■ Task
Restate word for word the lines in the listing below, starting at the line containing "n' + lam n'" and ending at the line containing "Definition face (tau", both included; leave out the rest.

────────

(* Let $\mathcal{X}=\langle P,K,V\rangle$ be a polyhedral model. Every simplicial bisimulation $\sim\subseteq P\times P$ is included in logical equivalence: if $x\sim y$ then for every SLCS formula $\phi$, $\mathcal{X},x\models\phi\iff\mathcal{X},y\models\phi$.
   Context: A $d$-simplex $\sigma\subseteq\mathbb{R}^m$ is the convex hull of $d+1$ affinely independent points $v_0,\dots,v_d$ (its vertices); the simplexes spanned by subsets of the vertices (including the empty simplex) are its faces, and $\tau\preceq\sigma$ means $\tau$ is a face of $\sigma$. The relative interior of $\sigma$ is $\tilde\sigma=\{\sum_i\lambda_iv_i:\lambda_i\in(0,1],\sum_i\lambda_i=1\}$. A simplicial complex $K$ is a finite set of simplexes of $\mathbb{R}^m$ closed under taking faces and such that the intersection of any two of its simplexes is a face of both. Its polyhedron is $|K|=\bigcup K$, with the subspace topology of $\mathbb{R}^m$; $\mathcal{C}$ and $\mathcal{I}$ denote closure and interior in this space. The cells of $K$ are the sets $\tilde\sigma$ for nonempty $\sigma\in K$; they form a partition $\tilde K$ of $|K|$. A path in a space $P$ is a continuous $\pi:[0,1]\to P$; $\pi(S)=\{\pi(s):s\in S\}$. Fix a finite set $AP$ of atomic propositions. A polyhedral model is $\mathcal{X}=\langle P,K,V\rangle$ with $K$ a simplicial complex, $P=|K|$, and $V:AP\to\mathcal{P}(P)$ such that each $V(p)$ is a union of cells of $K$ ($K$ is then called coherent with the model). SLCS formulas: $\phi::=\top\mid p\mid\neg\phi\mid\phi\wedge\phi\mid\Box\phi\mid\gamma(\phi,\phi)$, $p\in AP$. Semantics at $x\in P$, with $[\![\phi]\!]=\{x\in P:\mathcal{X},x\models\phi\}$: $\top$ always holds; $x\models p$ iff $x\in V(p)$; Boolean connectives as usual; $x\models\Box\phi$ iff $x\in\mathcal{I}([\![\phi]\!])$; $x\models\gamma(\phi,\psi)$ iff there is a path $\pi$ in $P$ with $\pi(0)=x$, $\pi((0,1))\subseteq[\![\phi]\!]$ and $\pi(1)\in[\![\psi]\!]$. A path $\pi$ is simplicial (w.r.t. $K$) if there are $s_0=0<s_1<\dots<s_k=1$ and cells $\tilde\sigma_1,\dots,\tilde\sigma_k$ of $K$ with $\pi((s_{i-1},s_i))\subseteq\tilde\sigma_i$ for all $i$. For $R\subseteq P\times P$, paths satisfy $\pi_1\hat R\pi_2$ iff $\pi_1(t)\,R\,\pi_2(t)$ for all $t\in[0,1]$. A relation $\sim\subseteq P\times P$ is a simplicial bisimulation if whenever $x\sim y$: (1) for all $p\in AP$, $x\in V(p)\iff y\in V(p)$; (2) for every simplicial path $\pi_x$ with $\pi_x(0)=x$ there is a simplicial path $\pi_y$ with $\pi_y(0)=y$ and $\pi_x\hat\sim\pi_y$; (3) for every simplicial path $\pi_y$ with $\pi_y(0)=y$ there is a simplicial path $\pi_x$ with $\pi_x(0)=x$ and $\pi_x\hat\sim\pi_y$. *)

From Stdlib Require Import Reals List.
From mathcomp Require Import ssreflect ssrbool eqtype fintype.
Import ListNotations.
Set Implicit Arguments.
Local Open Scope R_scope.

Section Polyhedra.
Variable m : nat.

Definition Point := 'I_m -> R.

Definition close (x y : Point) (eps : R) : Prop :=
  forall j : 'I_m, Rabs (x j - y j) < eps.

Definition simplex := list Point.

Fixpoint comb (lam : nat -> R) (vs : simplex) : Point :=
  match vs with
  | [] => fun _ => 0
  | v :: vs' => fun j => lam 0%nat * v j + comb (fun i => lam (S i)) vs' j
  end.

Fixpoint sum_first (lam : nat -> R) (n : nat) : R :=
  match n with
  | O => 0
  | S n' => sum_first lam n' + lam n'
  end.

Definition aff_indep (vs : simplex) : Prop :=
  forall lam : nat -> R,
    sum_first lam (length vs) = 0 ->
    (forall j, comb lam vs j = 0) ->
    forall i, (lt i (length vs)) -> lam i = 0.

Definition hull (vs : simplex) (x : Point) : Prop :=
  exists lam : nat -> R,
    (forall i, (lt i (length vs)) -> 0 <= lam i) /\
    sum_first lam (length vs) = 1 /\
    (forall j, x j = comb lam vs j).

Definition relint (vs : simplex) (x : Point) : Prop :=
  exists lam : nat -> R,
    (forall i, (lt i (length vs)) -> 0 < lam i /\ lam i <= 1) /\
    sum_first lam (length vs) = 1 /\
    (forall j, x j = comb lam vs j).

Definition face (tau sigma : simplex) : Prop := incl tau sigma.

Definition simplicial_complex (K : list simplex) : Prop :=
  (forall s, In s K -> aff_indep s) /\
  (forall s tau, In s K -> face tau s ->
     exists tau', In tau' K /\ incl tau tau' /\ incl tau' tau) /\
  (forall s1 s2, In s1 K -> In s2 K ->
     exists tau, face tau s1 /\ face tau s2 /\
       (forall x, (hull s1 x /\ hull s2 x) <-> hull tau x)).

Definition polyhedron (K : list simplex) (x : Point) : Prop :=
  exists s, In s K /\ hull s x.

Definition is_cell (K : list simplex) (s : simplex) : Prop :=
  In s K /\ s <> [].

Definition interior (K : list simplex) (S : Point -> Prop) (x : Point) : Prop :=
  polyhedron K x /\
  exists eps, 0 < eps /\ forall y, polyhedron K y -> close y x eps -> S y.

(** Paths in |K|: continuous maps [0,1] -> |K| (values outside [0,1] are irrelevant). *)
Definition is_path (K : list simplex) (pi : R -> Point) : Prop :=
  (forall t, 0 <= t <= 1 -> polyhedron K (pi t)) /\
  (forall t, 0 <= t <= 1 -> forall eps, 0 < eps ->
     exists delta, 0 < delta /\
       forall s, 0 <= s <= 1 -> Rabs (s - t) < delta -> close (pi s) (pi t) eps).

Definition simplicial_path (K : list simplex) (pi : R -> Point) : Prop :=
  is_path K pi /\
  exists (k : nat) (s : nat -> R) (c : nat -> simplex),
    s 0%nat = 0 /\ s k = 1 /\
    (forall i, (lt i k) -> s i < s (S i)) /\
    (forall i, (lt i k) ->
       is_cell K (c i) /\
       forall t, s i < t < s (S i) -> relint (c i) (pi t)).

Variable AP : finType.

Definition coherent (K : list simplex) (V : AP -> Point -> Prop) : Prop :=
  forall p x, V p x ->
    exists s, is_cell K s /\ relint s x /\ (forall y, relint s y -> V p y).

Inductive form : Type :=
  | FTop : form
  | FAtom : AP -> form
  | FNeg : form -> form
  | FAnd : form -> form -> form
  | FBox : form -> form
  | FGamma : form -> form -> form.

(** Semantics (meaningful at points of |K|). *)
Fixpoint sat (K : list simplex) (V : AP -> Point -> Prop) (x : Point) (phi : form)
  : Prop :=
  match phi with
  | FTop => True
  | FAtom p => V p x
  | FNeg f => ~ sat K V x f
  | FAnd f g => sat K V x f /\ sat K V x g
  | FBox f => interior K (fun y => sat K V y f) x
  | FGamma f g =>
      exists pi, is_path K pi /\ pi 0 = x /\
        (forall t, 0 < t < 1 -> sat K V (pi t) f) /\
        sat K V (pi 1) g
  end.

Definition simplicial_bisim (K : list simplex) (V : AP -> Point -> Prop)
    (Rel : Point -> Point -> Prop) : Prop :=
  forall x y, Rel x y ->
    (forall p, V p x <-> V p y) /\
    (forall pix, simplicial_path K pix -> pix 0 = x ->
       exists piy, simplicial_path K piy /\ piy 0 = y /\
         forall t, 0 <= t <= 1 -> Rel (pix t) (piy t)) /\
    (forall piy, simplicial_path K piy -> piy 0 = y ->
       exists pix, simplicial_path K pix /\ pix 0 = x /\
         forall t, 0 <= t <= 1 -> Rel (pix t) (piy t)).

End Polyhedra.

Arguments coherent [m AP] K V.
Arguments simplicial_bisim [m AP] K V Rel.
Arguments FTop {AP}.
Arguments FAtom [AP] _.
Arguments polyhedron [m] K x.
Arguments simplicial_complex [m] K.
Arguments is_path [m] K pi.
Arguments simplicial_path [m] K pi.
Arguments interior [m] K S x.

(** The proof is by
    induction on the formula; atoms and Boolean connectives are immediate,
    and the two modal cases rest on two geometric facts:

    - every formula is constant on each cell of [K] ([formula_cell_invariant]),
      which uses coherence of [V], the star property of polyhedra (near a
      point [p], every cell contains [p] in its closure: [star_nbhd]), and
      the fact that cells meeting a simplex are faces of it ([face_incl]);
    - a [gamma] formula always has a simplicial witness ([gamma_simplicial]),
      obtained by continuous induction along an arbitrary witness.

    With these, [Box] transfers along the bisimulation by matching a
    straight segment into a violating cell, and [gamma] by matching the
    simplicial witness. *)

From mathcomp Require Import ssreflect ssrbool eqtype seq fintype.
From Stdlib Require Import Reals List Permutation Lra Lia Classical ClassicalEpsilon FunctionalExtensionality.
Import ListNotations.
Local Open Scope R_scope.

Section PolyhedralLogic.
Variable m : nat.
Notation Pt := (Point m).

Definition lin (a : R) (p : Pt) (b : R) (q : Pt) : Pt := fun j => a * p j + b * q j.

(** * Barycentric sums *)

Lemma sum_first_lin a b lam mu n :
  sum_first (fun i => a * lam i + b * mu i) n = a * sum_first lam n + b * sum_first mu n.
Proof. induction n; simpl; [lra|rewrite IHn; ring]. Qed.

Lemma sum_first_S lam n : sum_first lam (S n) = lam 0%nat + sum_first (fun i => lam (S i)) n.
Proof. induction n; simpl in *; [lra|]. rewrite IHn; simpl; ring. Qed.

Lemma sum_first_ext lam mu n : (forall i, (i < n)%nat -> lam i = mu i) ->
  sum_first lam n = sum_first mu n.
Proof.
  induction n; simpl; intros H; [lra|].
  rewrite IHn; [|intros; apply H; lia]. rewrite H; [lra|lia].
Qed.

Lemma sum_first_0 n : sum_first (fun _ => 0) n = 0.
Proof. induction n; simpl; lra. Qed.

Lemma sum_first_nonneg lam n : (forall i, (i < n)%nat -> 0 <= lam i) -> 0 <= sum_first lam n.
Proof.
  induction n; simpl; intros H; [lra|].
  have := H n ltac:(lia). have := IHn ltac:(intros; apply H; lia). lra.
Qed.

Lemma sum_first_le lam n i : (forall i, (i < n)%nat -> 0 <= lam i) -> (i < n)%nat ->
  lam i <= sum_first lam n.
Proof.
  induction n; simpl; intros H Hi; [lia|].
  have := sum_first_nonneg lam n ltac:(intros; apply H; lia).
  destruct (Nat.eq_dec i n) as [->|Hne]; [lra|].
  have := IHn ltac:(intros; apply H; lia) ltac:(lia). have := H n ltac:(lia). lra.
Qed.

Lemma sum_first_zero lam n : (forall i, (i < n)%nat -> 0 <= lam i) -> sum_first lam n = 0 ->
  forall i, (i < n)%nat -> lam i = 0.
Proof. intros H H0 i Hi. have := sum_first_le lam n i H Hi. have := H i Hi. lra. Qed.

Lemma comb_lin a b lam mu (vs : simplex m) j :
  comb (fun i => a * lam i + b * mu i) vs j = a * comb lam vs j + b * comb mu vs j.
Proof.
  revert lam mu; induction vs as [|v vs IH]; intros lam mu; simpl; [ring|].
  rewrite (IH (fun i => lam (S i)) (fun i => mu (S i))). ring.
Qed.

Lemma comb_ext lam mu (vs : simplex m) j : (forall i, (i < length vs)%nat -> lam i = mu i) ->
  comb lam vs j = comb mu vs j.
Proof.
  revert lam mu; induction vs as [|v vs IH]; intros lam mu H; simpl; [ring|].
  rewrite (H 0%nat) /=; [|lia]. rewrite (IH (fun i => lam (S i)) (fun i => mu (S i))); [ring|].
  intros i Hi; apply H; simpl; lia.
Qed.

Lemma comb_zero (vs : simplex m) j : comb (fun _ => 0) vs j = 0.
Proof. induction vs; simpl; [ring|]. rewrite IHvs; ring. Qed.

Lemma comb_scal c lam (vs : simplex m) j : comb (fun i => c * lam i) vs j = c * comb lam vs j.
Proof.
  rewrite (comb_ext _ (fun i => c * lam i + 0 * 0)); [|intros; ring].
  rewrite comb_lin comb_zero. ring.
Qed.

(** * Simplexes as point sets *)

Lemma hull_ext (s : simplex m) x y : (forall j, x j = y j) -> hull s x -> hull s y.
Proof. intros E [lam [H1 [H2 H3]]]; exists lam; split; [|split]; auto. intros j; rewrite -E; auto. Qed.

Lemma relint_ext (s : simplex m) x y : (forall j, x j = y j) -> relint s x -> relint s y.
Proof. intros E [lam [H1 [H2 H3]]]; exists lam; split; [|split]; auto. intros j; rewrite -E; auto. Qed.

Lemma relint_hull (s : simplex m) x : relint s x -> hull s x.
Proof.
  intros [lam [H1 [H2 H3]]]; exists lam; split; [|split]; auto.
  intros i Hi; have := H1 i Hi; lra.
Qed.

Lemma hull_nil x : ~ hull (m:=m) [] x.
Proof. intros [lam [_ [H _]]]; simpl in H; lra. Qed.

Lemma relint_nil x : ~ relint (m:=m) [] x.
Proof. intros H; exact (hull_nil _ (relint_hull _ _ H)). Qed.

Lemma hull_vertex v (s : simplex m) : hull (v :: s) v.
Proof.
  exists (fun i => if i is O then 1 else 0). split; [|split].
  - intros [|i] _; lra.
  - cbn [length]; rewrite sum_first_S (sum_first_0 (length s)); ring.
  - intros j; simpl. rewrite (comb_zero s j); ring.
Qed.

Lemma relint_single v : relint (m:=m) [v] v.
Proof. exists (fun _ => 1). split; [|split]; [intros; lra|simpl; ring|intros j; simpl; ring]. Qed.

Lemma hull_cons_inv v (s : simplex m) z : hull (v :: s) z ->
  exists a w, 0 <= a <= 1 /\ (a = 0 \/ hull s w) /\ forall j, z j = (1 - a) * v j + a * w j.
Proof.
  intros [lam [H1 [H2 H3]]]. cbn [length] in H2; rewrite sum_first_S in H2.
  have Hnn : forall i, (i < length s)%nat -> 0 <= lam (S i) by intros i Hi; apply H1; simpl; lia.
  have Hs := sum_first_nonneg _ _ Hnn. have H0 := H1 0%nat ltac:(simpl; lia).
  set a := sum_first (fun i => lam (S i)) (length s) in H2 Hs.
  destruct (Req_dec a 0) as [Ha|Ha].
  - exists 0, v. split; [lra|split; [auto|]]. intros j. rewrite H3 /=.
    rewrite (comb_ext (fun i => lam (S i)) (fun _ => 0)); last first.
    { intros i Hi; apply (sum_first_zero _ _ Hnn Ha i Hi). }
    rewrite comb_zero. have -> : lam 0%nat = 1 by lra. ring.
  - exists a, (comb (fun i => / a * lam (S i)) s). split; [lra|split].
    + right. exists (fun i => / a * lam (S i)). split; [|split]; [|rewrite -/a|auto].
      * intros i Hi; have := Hnn i Hi; have : 0 < / a by apply Rinv_0_lt_compat; lra. nra.
      * rewrite (sum_first_ext _ (fun i => / a * lam (S i) + 0 * 0)); [|intros; ring].
        rewrite sum_first_lin sum_first_0 -/a. field; lra.
    + intros j. rewrite H3 /= comb_scal. have -> : lam 0%nat = 1 - a by lra. field; lra.
Qed.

────────

■ Your solution
  | S n' => sum_first lam n' + lam n'
  end.

Definition aff_indep (vs : simplex) : Prop :=
  forall lam : nat -> R,
    sum_first lam (length vs) = 0 ->
    (forall j, comb lam vs j = 0) ->
    forall i, (lt i (length vs)) -> lam i = 0.

Definition hull (vs : simplex) (x : Point) : Prop :=
  exists lam : nat -> R,
    (forall i, (lt i (length vs)) -> 0 <= lam i) /\
    sum_first lam (length vs) = 1 /\
    (forall j, x j = comb lam vs j).

Definition relint (vs : simplex) (x : Point) : Prop :=
  exists lam : nat -> R,
    (forall i, (lt i (length vs)) -> 0 < lam i /\ lam i <= 1) /\
    sum_first lam (length vs) = 1 /\
    (forall j, x j = comb lam vs j).

Definition face (tau sigma : simplex) : Prop := incl tau sigma.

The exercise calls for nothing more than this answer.